# [Exercise description]
Repeat exactly the lines from the one containing "move=> j; rewrite" through the last line of the records below, both included, and nothing else.

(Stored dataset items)
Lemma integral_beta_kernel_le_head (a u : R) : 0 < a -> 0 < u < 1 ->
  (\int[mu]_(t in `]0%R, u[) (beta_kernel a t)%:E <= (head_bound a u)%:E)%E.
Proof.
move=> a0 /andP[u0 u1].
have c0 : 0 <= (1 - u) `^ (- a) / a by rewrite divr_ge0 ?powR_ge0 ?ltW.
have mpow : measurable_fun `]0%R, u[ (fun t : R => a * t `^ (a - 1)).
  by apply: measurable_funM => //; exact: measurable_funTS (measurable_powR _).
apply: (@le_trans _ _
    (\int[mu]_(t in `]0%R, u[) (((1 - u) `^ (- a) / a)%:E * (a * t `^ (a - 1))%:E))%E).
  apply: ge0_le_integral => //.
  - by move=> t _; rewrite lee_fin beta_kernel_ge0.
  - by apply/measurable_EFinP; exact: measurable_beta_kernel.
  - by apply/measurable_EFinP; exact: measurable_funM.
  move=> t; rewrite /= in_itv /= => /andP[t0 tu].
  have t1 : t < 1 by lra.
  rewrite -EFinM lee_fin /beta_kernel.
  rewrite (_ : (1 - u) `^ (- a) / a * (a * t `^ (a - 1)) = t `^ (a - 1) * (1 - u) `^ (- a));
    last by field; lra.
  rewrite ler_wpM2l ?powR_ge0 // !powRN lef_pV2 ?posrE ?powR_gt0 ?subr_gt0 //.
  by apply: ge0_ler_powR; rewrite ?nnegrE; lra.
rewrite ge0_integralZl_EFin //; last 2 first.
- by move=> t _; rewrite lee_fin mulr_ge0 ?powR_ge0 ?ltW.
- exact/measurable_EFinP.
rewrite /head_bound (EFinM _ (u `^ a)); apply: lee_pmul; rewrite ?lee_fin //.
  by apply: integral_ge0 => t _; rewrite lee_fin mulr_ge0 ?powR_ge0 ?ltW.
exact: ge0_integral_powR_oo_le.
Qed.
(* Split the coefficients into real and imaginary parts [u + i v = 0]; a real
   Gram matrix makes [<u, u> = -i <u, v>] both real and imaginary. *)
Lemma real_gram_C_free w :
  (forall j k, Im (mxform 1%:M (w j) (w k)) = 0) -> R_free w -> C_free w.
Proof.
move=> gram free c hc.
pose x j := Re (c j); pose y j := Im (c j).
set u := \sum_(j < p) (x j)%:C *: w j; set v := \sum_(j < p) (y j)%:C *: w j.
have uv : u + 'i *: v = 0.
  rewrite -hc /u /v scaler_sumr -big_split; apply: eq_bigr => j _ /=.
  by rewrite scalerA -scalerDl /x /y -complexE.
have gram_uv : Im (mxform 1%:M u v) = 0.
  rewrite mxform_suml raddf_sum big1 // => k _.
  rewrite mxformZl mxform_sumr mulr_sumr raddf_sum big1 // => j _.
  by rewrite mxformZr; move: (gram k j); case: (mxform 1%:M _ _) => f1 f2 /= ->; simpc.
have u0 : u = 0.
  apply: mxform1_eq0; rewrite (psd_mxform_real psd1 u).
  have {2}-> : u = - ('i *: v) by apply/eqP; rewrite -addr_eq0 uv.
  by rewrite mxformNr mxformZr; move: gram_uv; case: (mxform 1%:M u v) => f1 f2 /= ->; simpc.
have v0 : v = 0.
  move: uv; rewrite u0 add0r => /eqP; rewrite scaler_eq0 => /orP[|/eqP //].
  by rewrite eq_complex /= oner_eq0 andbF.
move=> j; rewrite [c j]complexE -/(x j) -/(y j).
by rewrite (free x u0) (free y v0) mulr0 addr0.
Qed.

# [Task output]
move=> j; rewrite [c j]complexE -/(x j) -/(y j).
by rewrite (free x u0) (free y v0) mulr0 addr0.
Qed.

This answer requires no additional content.